Scientists predict that solar storms that “break up” each other will occur over the next four years as the Sun shows more intense activity.
Over the past week, a series of geomagnetic storms have hit Earth as the sun begins its new solar cycle, which occurs every 11 years and will peak in 2025.
A series of coronal mass ejections, including the emission of electrically charged matter and its accompanying magnetic field into space, hit Earth last week, following a massive solar flare on Halloween.
Sometimes these projectiles can occur so frequently that the later ones travel faster than their predecessors and merge with the slower ones.
“This is the first CME that essentially makes its way through 93 million miles and is almost paving the way for other continuing education institutions to come in behind,” he detailed. space Bill Murtag, program coordinator at the Space Weather Prediction Center (SWPC) of the National Oceanic and Atmospheric Administration (NOAA).
“Sometimes we use the term ‘deconstruction’ of the person at the front,” Murtag explained.
The NOAA team uses a spacecraft called the Deep Space Climate Observatory (Dscovr) located 1 million miles from Earth in the direction of the sun.
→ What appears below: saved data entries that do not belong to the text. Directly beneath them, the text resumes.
Theorem lemma4p1 (R : realType) (a : seq nat) :
  (0 < size a)%N -> all (fun x => 0 < x)%N a ->
  primitive (Ahat_word a) /\ primitive (A_word a) /\
  exists E : algC,
    PF_eigenvalue (Ahat_word a) E /\ PF_eigenvalue (A_word a) E /\
    forall x : R, in_P a x ->
      exists C : algC, 1 < C /\
        forall n : nat,
          C^-1 * E ^+ n <= (qn x (size a * n))%:R <= C * E ^+ n.
Proof.
move=> a_gt0 a_pos; split; first exact: primitive_Ahat_word.
split; first exact: primitive_A_word.
have /and3P[q_gt0 r_gt0 _] := contl_pos a_gt0 a_pos.
have [E [rootE pE E_ge1 maxE]] := perron_root q_gt0 r_gt0.
have E_gt0 : 0 < algRval E := lt_le_trans ltr01 (E_ge1 : 1 <= algRval E).
have sg_le : `|(-1) ^+ size a : algC| <= algRval E by rewrite normrX normrN1 expr1n.
have rootEC : quadK (contl a) (algRval E) = 0 by rewrite -algRval_quadK rootE.
exists (algRval E); split; [|split].
- exact: PF_eigenvalue_conj_blockK (Ahat_word_conj a_pos) r_gt0 sg_le rootEC (ltW E_gt0) maxE.
- rewrite A_word_factor; apply: (PF_eigenvalue_mulmxC E_gt0); rewrite head_mx_tail_mx //.
  apply: (PF_eigenvalue_conj_blockK (Ahat_rword_conj a_pos)) => [|//|||l];
    rewrite ?quadK_tr ?(ltW E_gt0) //; first by case: (contl a) q_gt0.
  exact: maxE.
- move=> x in_P_x; have [C [C_gt1 bounds]] := periodic_q_growth a_gt0 a_pos rootE pE.
  by exists (algRval C); split => // n; rewrite (qn_periodic _ in_P_x); apply: algRval_sandwich.
Qed.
When the CME hits the spacecraft, scientists know it will take 20 or 30 minutes until a storm hits the planet.
CME threatens power networks and satellites, but is generally manageable.
“Of this kind of level, we have hundreds of examples, so we have a pretty good idea of what you’re going to do with the network,” Murtag said. “They see it, they feel it, we see some unevenness of the effort…but that level of shock is very manageable.”
However, with this specific type of “cannibal” CME, the results can be much more serious. “We have determined for all practical purposes that the worst-case scenario for a severe geomagnetic storm event would be this,” Murtag said. “It’s just that the CME wasn’t that big, but this process happened here, where we had two or three different CMEs together,” he said, adding that there were “a lot of unknowns in the space weather domain.”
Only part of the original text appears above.